When the line containing "destruct (line_form pf (length" is found in the data below, copy it and each line after it through the line containing "- exact HG.", exactly and with no others.
*** Extracted material ***
Lemma solves_eliminate t v g E : t v = subst t g -> solves t E -> solves t (eliminate_eqs v g E).
Proof.
  intros Hv HE; apply Forall_map; eapply Forall_impl; [|exact HE].
  intros e; simpl; rewrite !subst_bind; auto.
Qed.

Lemma respects_eliminate t v g bs :
  t v = subst t g -> respects t bs -> respects t (eliminate_binds v g bs).
Proof.
  intros Hv Hbs; constructor; [exact Hv|]; apply Forall_map; eapply Forall_impl; [|exact Hbs].
  intros b; simpl; rewrite subst_bind; auto.
Qed.

Lemma unify_respects fuel E bs R t :
  unify fuel E bs = Some R -> solves t E -> respects t bs -> respects t R.
Proof.
  revert E bs; induction fuel as [|fuel IH]; intros E bs HR HE Hbs; [discriminate|].
  destruct E as [|[l r] E]; simpl in HR; [congruence|].
  inversion HE as [|? ? Hlr HE']; subst; simpl in Hlr.
  destruct l as [v|a b|a], r as [w|c d|c];
    solve [ discriminate
          | eapply IH; [exact HR| apply solves_eliminate | apply respects_eliminate]; auto
          | simpl in Hlr; injection Hlr; intros;
            eapply IH; [exact HR | repeat constructor; auto | exact Hbs] ].
Qed.

Definition lookup (bs : list (nat * form)) (v : nat) : form :=
  match find (fun b => fst b =? v) bs with
  | Some b => snd b
  | None => V v
  end.

Lemma respects_lookup t bs v : respects t bs -> t v = subst t (lookup bs v).
Proof.
  intros Hbs; unfold lookup; induction Hbs as [|b bs Hb Hbs IH]; simpl; [reflexivity|].
  destruct (Nat.eqb_spec (fst b) v); [subst; exact Hb | exact IH].
Qed.

(* Unification can take exponentially many steps, so the fuel is a heuristic bound:
   running out of it only makes [mgu_of] fail. *)
Definition mgu_of (A B : form) : option (nat -> form) :=
  match unify (length (vars A) * length (vars B)) [(A, B)] [] with
  | Some bs =>
      if form_eq_dec (subst (lookup bs) A) (subst (lookup bs) B) then Some (lookup bs) else None
  | None => None
  end.

Lemma mgu_of_mgu A B s : mgu_of A B = Some s -> mgu s A B.
Proof.
  unfold mgu_of; destruct (unify _ _ _) as [bs|] eqn:Hbs; [|discriminate].
  destruct form_eq_dec as [Hu|]; [|discriminate]; intros [= <-].
  split; [exact Hu|]; intros t Ht; exists t; intros v.
  apply respects_lookup; eapply unify_respects; [exact Hbs | repeat constructor; exact Ht | constructor].
Qed.

Definition swap (a b v : nat) : nat := if v =? a then b else if v =? b then a else v.

Lemma swap_inj a b : Injective (swap a b).
Proof.
  intros u v; unfold swap.
  destruct (Nat.eqb_spec u a), (Nat.eqb_spec v a), (Nat.eqb_spec u b), (Nat.eqb_spec v b); lia.
Qed.

(* Numbers the variables in order of first occurrence, so that the last line of a
   derivation can be literally D1, D2 or D3; built from swaps so that it is injective. *)
Fixpoint number_vars (seen : list nat) (r : nat -> nat) (l : list nat) : nat -> nat :=
  match l with
  | [] => r
  | v :: l =>
      if in_dec Nat.eq_dec v seen then number_vars seen r l
      else number_vars (v :: seen) (fun u => swap (r v) (length seen) (r u)) l
  end.

Lemma number_vars_inj seen r l : Injective r -> Injective (number_vars seen r l).
Proof.
  revert seen r; induction l as [|v l IH]; intros seen r Hr; simpl; [exact Hr|].
  destruct in_dec; apply IH; [exact Hr|].
  intros u w Huw; apply Hr, (swap_inj _ _ _ _ Huw).
Qed.

Definition canonical (f : form) : form := rename (number_vars [] (fun v => v) (vars f)) f.

Lemma variant_canonical f : variant f (canonical f).
Proof.
  eexists; split; [apply number_vars_inj; intros u v; exact id | reflexivity].
Qed.

Definition detach (P Q : form) : option form :=
  match P with
  | I A B =>
      match mgu_of A (shift (S (max_var P)) Q) with
      | Some s => Some (canonical (subst s B))
      | None => None
      end
  | _ => None
  end.

Lemma detach_cd P Q R : detach P Q = Some R -> cd P Q R.
Proof.
  destruct P as [|A B|]; simpl; try discriminate.
  destruct mgu_of as [s|] eqn:Hs; [|discriminate]; intros [= <-].
  exists A, B, (shift (S (Nat.max (max_var A) (max_var B))) Q), s.
  split; [reflexivity|]; split; [apply variant_shift|]; split.
  - intros v HP HQ; apply occurs_le_max_var in HP; apply occurs_shift in HQ; simpl in HP; lia.
  - split; [apply mgu_of_mgu, Hs | apply variant_canonical].
Qed.

Inductive step : Type :=
| FromAxiom (A : form)
| Detach (major minor : nat).

Definition new_line (pf : list (form * just)) (s : step) : option (form * just) :=
  match s with
  | FromAxiom A => if in_dec form_eq_dec A axioms then Some (A, Ax) else None
  | Detach i j =>
      match line_form pf i, line_form pf j with
      | Some P, Some Q => option_map (fun R => (R, CD i j)) (detach P Q)
      | _, _ => None
      end
  end.

Fixpoint replay (pf : list (form * just)) (steps : list step) : option (list (form * just)) :=
  match steps with
  | [] => Some pf
  | s :: steps =>
      match new_line pf s with
      | Some l => replay (pf ++ [l]) steps
      | None => None
      end
  end.

Lemma line_form_lt pf i P : line_form pf i = Some P -> i < length pf.
Proof.
  unfold line_form; intros H; apply nth_error_Some; destruct nth_error; easy.
Qed.

Lemma line_form_app pf l i : i < length pf -> line_form (pf ++ l) i = line_form pf i.
Proof. intros Hi; unfold line_form; rewrite nth_error_app1; auto. Qed.

Lemma valid_line_app pf l k : k < length pf -> valid_line pf k -> valid_line (pf ++ l) k.
Proof.
  intros Hk; unfold valid_line; rewrite nth_error_app1 by exact Hk.
  destruct (nth_error pf k) as [[F [|i j]]|]; auto.
  intros (Hi & Hj & P & Q & HP & HQ & Hcd).
  repeat split; auto; exists P, Q; rewrite !line_form_app by lia; auto.
Qed.

Lemma valid_new_line pf s l : new_line pf s = Some l -> valid_line (pf ++ [l]) (length pf).
Proof.
  intros Hl; unfold valid_line; rewrite nth_error_app2, Nat.sub_diag by lia.
  destruct s as [A|i j]; unfold new_line in Hl.
  - destruct (in_dec form_eq_dec A axioms) as [HA|]; [injection Hl as <-|discriminate].
    exists A; split; [exact HA | apply variant_refl].
  - destruct (line_form pf i) as [P|] eqn:HP, (line_form pf j) as [Q|] eqn:HQ; try discriminate.
    destruct (detach P Q) as [R|] eqn:HR; [injection Hl as <-|discriminate].
    apply line_form_lt in HP as Hi; apply line_form_lt in HQ as Hj.
    repeat split; [exact Hi | exact Hj|].
    exists P, Q; rewrite !line_form_app by assumption; auto using detach_cd.
Qed.

Lemma replay_valid pf steps pf' :
  replay pf steps = Some pf' ->
  (forall k, k < length pf -> valid_line pf k) ->
  forall k, k < length pf' -> valid_line pf' k.
Proof.
  revert pf; induction steps as [|s steps IH]; intros pf Hpf Hvalid; simpl in Hpf.
  - injection Hpf as <-; exact Hvalid.
  - destruct new_line as [l|] eqn:Hl; [|discriminate].
    apply (IH _ Hpf); intros k Hk; rewrite length_app in Hk; simpl in Hk.
    destruct (Nat.eq_dec k (length pf)) as [->|].
    + exact (valid_new_line _ _ _ Hl).
    + apply valid_line_app, Hvalid; lia.
Qed.

Fixpoint has_dnegb (f : form) : bool :=
  match f with
  | V _ => false
  | I a b => has_dnegb a || has_dnegb b
  | N (N _) => true
  | N a => has_dnegb a
  end.

Lemma has_dnegb_complete f : has_dneg f -> has_dnegb f = true.
Proof.
  intros [t Ht]; induction f as [v|a IHa b IHb|a IHa]; simpl in *.
  - destruct Ht as [[=]|[]].
  - destruct Ht as [[=]|[Ha|Hb]]; rewrite orb_true_iff; auto.
  - destruct Ht as [[= <-]|Ha]; [reflexivity|].
    destruct a; [destruct Ha as [[=]|[]] | apply IHa, Ha | reflexivity].
Qed.

Definition proof_lines (steps : list step) : list (form * just) :=
  match replay [] steps with
  | Some pf => pf
  | None => []
  end.

Definition proves (steps : list step) (F : form) : bool :=
  match replay [] steps with
  | Some pf =>
      match line_form pf (length pf - 1) with
      | Some G => if form_eq_dec G F then forallb (fun l => negb (has_dnegb (fst l))) pf else false
      | None => false
      end
  | None => false
  end.

Lemma proves_sound steps F :
  proves steps F = true -> cd_proof (proof_lines steps) F /\ dn_free (proof_lines steps).
Proof.
  unfold proves, proof_lines; destruct (replay [] steps) as [pf|] eqn:Hpf; [|discriminate].
  destruct (line_form pf (length pf - 1)) as [G|] eqn:HG; [|discriminate].
  destruct (form_eq_dec G F) as [<-|]; [|discriminate]; intros Hdn.
  split; [split; [|split]|].
  - intros ->; discriminate.
  - apply (replay_valid _ _ _ Hpf); simpl; lia.
  - exact HG.
  - intros k F' i j Hk HF'; rewrite forallb_forall in Hdn.
    specialize (Hdn _ (nth_error_In _ _ Hk)); simpl in Hdn.
    rewrite (has_dnegb_complete _ HF') in Hdn; discriminate.
Qed.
*** End of Extracted material ***
● **Response**:
  destruct (line_form pf (length pf - 1)) as [G|] eqn:HG; [|discriminate].
  destruct (form_eq_dec G F) as [<-|]; [|discriminate]; intros Hdn.
  split; [split; [|split]|].
  - intros ->; discriminate.
  - apply (replay_valid _ _ _ Hpf); simpl; lia.
  - exact HG.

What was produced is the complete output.